MATERIAL FOR THIS EXERCISE:

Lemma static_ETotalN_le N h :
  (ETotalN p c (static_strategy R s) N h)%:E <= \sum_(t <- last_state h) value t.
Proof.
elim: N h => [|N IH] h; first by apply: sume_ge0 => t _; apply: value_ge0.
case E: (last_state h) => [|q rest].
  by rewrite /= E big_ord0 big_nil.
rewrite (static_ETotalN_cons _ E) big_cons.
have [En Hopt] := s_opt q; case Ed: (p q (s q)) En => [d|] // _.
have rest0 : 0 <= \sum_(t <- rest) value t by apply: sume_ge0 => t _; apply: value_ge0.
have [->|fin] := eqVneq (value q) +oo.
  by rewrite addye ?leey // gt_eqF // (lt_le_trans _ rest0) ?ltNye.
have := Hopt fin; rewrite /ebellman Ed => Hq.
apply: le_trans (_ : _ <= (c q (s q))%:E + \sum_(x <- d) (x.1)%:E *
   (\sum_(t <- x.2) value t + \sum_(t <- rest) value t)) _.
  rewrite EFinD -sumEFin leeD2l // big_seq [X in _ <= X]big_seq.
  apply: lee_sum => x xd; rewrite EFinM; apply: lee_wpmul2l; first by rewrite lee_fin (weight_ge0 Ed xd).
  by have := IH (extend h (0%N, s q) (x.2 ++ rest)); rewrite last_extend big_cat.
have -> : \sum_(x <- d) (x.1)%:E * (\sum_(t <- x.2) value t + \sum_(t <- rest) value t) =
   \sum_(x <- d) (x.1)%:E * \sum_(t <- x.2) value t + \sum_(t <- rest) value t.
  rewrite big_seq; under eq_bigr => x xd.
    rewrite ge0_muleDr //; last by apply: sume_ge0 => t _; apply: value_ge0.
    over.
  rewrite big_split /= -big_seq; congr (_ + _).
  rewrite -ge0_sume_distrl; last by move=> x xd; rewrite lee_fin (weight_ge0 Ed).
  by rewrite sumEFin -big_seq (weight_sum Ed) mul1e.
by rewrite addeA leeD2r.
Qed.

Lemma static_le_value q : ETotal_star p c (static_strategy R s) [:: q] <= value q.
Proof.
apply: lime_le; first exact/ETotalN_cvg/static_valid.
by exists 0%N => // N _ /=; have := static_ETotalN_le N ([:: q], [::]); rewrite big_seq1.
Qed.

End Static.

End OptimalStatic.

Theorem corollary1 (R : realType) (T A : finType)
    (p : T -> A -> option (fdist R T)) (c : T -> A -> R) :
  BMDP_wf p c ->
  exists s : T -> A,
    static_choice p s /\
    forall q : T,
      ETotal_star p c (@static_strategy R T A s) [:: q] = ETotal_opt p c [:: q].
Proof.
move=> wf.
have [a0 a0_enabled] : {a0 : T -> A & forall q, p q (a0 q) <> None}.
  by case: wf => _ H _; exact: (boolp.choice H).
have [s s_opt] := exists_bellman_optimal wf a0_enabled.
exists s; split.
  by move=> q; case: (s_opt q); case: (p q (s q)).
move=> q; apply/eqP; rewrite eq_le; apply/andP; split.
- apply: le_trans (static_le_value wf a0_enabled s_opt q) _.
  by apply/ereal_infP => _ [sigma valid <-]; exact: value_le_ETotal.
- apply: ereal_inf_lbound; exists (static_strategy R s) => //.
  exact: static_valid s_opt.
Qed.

WHAT YOU ARE ASKED TO DO:
Give the listing again in full, with every line intact.

COMPLETED EXERCISE:
Lemma static_ETotalN_le N h :
  (ETotalN p c (static_strategy R s) N h)%:E <= \sum_(t <- last_state h) value t.
Proof.
elim: N h => [|N IH] h; first by apply: sume_ge0 => t _; apply: value_ge0.
case E: (last_state h) => [|q rest].
  by rewrite /= E big_ord0 big_nil.
rewrite (static_ETotalN_cons _ E) big_cons.
have [En Hopt] := s_opt q; case Ed: (p q (s q)) En => [d|] // _.
have rest0 : 0 <= \sum_(t <- rest) value t by apply: sume_ge0 => t _; apply: value_ge0.
have [->|fin] := eqVneq (value q) +oo.
  by rewrite addye ?leey // gt_eqF // (lt_le_trans _ rest0) ?ltNye.
have := Hopt fin; rewrite /ebellman Ed => Hq.
apply: le_trans (_ : _ <= (c q (s q))%:E + \sum_(x <- d) (x.1)%:E *
   (\sum_(t <- x.2) value t + \sum_(t <- rest) value t)) _.
  rewrite EFinD -sumEFin leeD2l // big_seq [X in _ <= X]big_seq.
  apply: lee_sum => x xd; rewrite EFinM; apply: lee_wpmul2l; first by rewrite lee_fin (weight_ge0 Ed xd).
  by have := IH (extend h (0%N, s q) (x.2 ++ rest)); rewrite last_extend big_cat.
have -> : \sum_(x <- d) (x.1)%:E * (\sum_(t <- x.2) value t + \sum_(t <- rest) value t) =
   \sum_(x <- d) (x.1)%:E * \sum_(t <- x.2) value t + \sum_(t <- rest) value t.
  rewrite big_seq; under eq_bigr => x xd.
    rewrite ge0_muleDr //; last by apply: sume_ge0 => t _; apply: value_ge0.
    over.
  rewrite big_split /= -big_seq; congr (_ + _).
  rewrite -ge0_sume_distrl; last by move=> x xd; rewrite lee_fin (weight_ge0 Ed).
  by rewrite sumEFin -big_seq (weight_sum Ed) mul1e.
by rewrite addeA leeD2r.
Qed.

Lemma static_le_value q : ETotal_star p c (static_strategy R s) [:: q] <= value q.
Proof.
apply: lime_le; first exact/ETotalN_cvg/static_valid.
by exists 0%N => // N _ /=; have := static_ETotalN_le N ([:: q], [::]); rewrite big_seq1.
Qed.

End Static.

End OptimalStatic.

Theorem corollary1 (R : realType) (T A : finType)
    (p : T -> A -> option (fdist R T)) (c : T -> A -> R) :
  BMDP_wf p c ->
  exists s : T -> A,
    static_choice p s /\
    forall q : T,
      ETotal_star p c (@static_strategy R T A s) [:: q] = ETotal_opt p c [:: q].
Proof.
move=> wf.
have [a0 a0_enabled] : {a0 : T -> A & forall q, p q (a0 q) <> None}.
  by case: wf => _ H _; exact: (boolp.choice H).
have [s s_opt] := exists_bellman_optimal wf a0_enabled.
exists s; split.
  by move=> q; case: (s_opt q); case: (p q (s q)).
move=> q; apply/eqP; rewrite eq_le; apply/andP; split.
- apply: le_trans (static_le_value wf a0_enabled s_opt q) _.
  by apply/ereal_infP => _ [sigma valid <-]; exact: value_le_ETotal.
- apply: ereal_inf_lbound; exists (static_strategy R s) => //.
  exact: static_valid s_opt.
Qed.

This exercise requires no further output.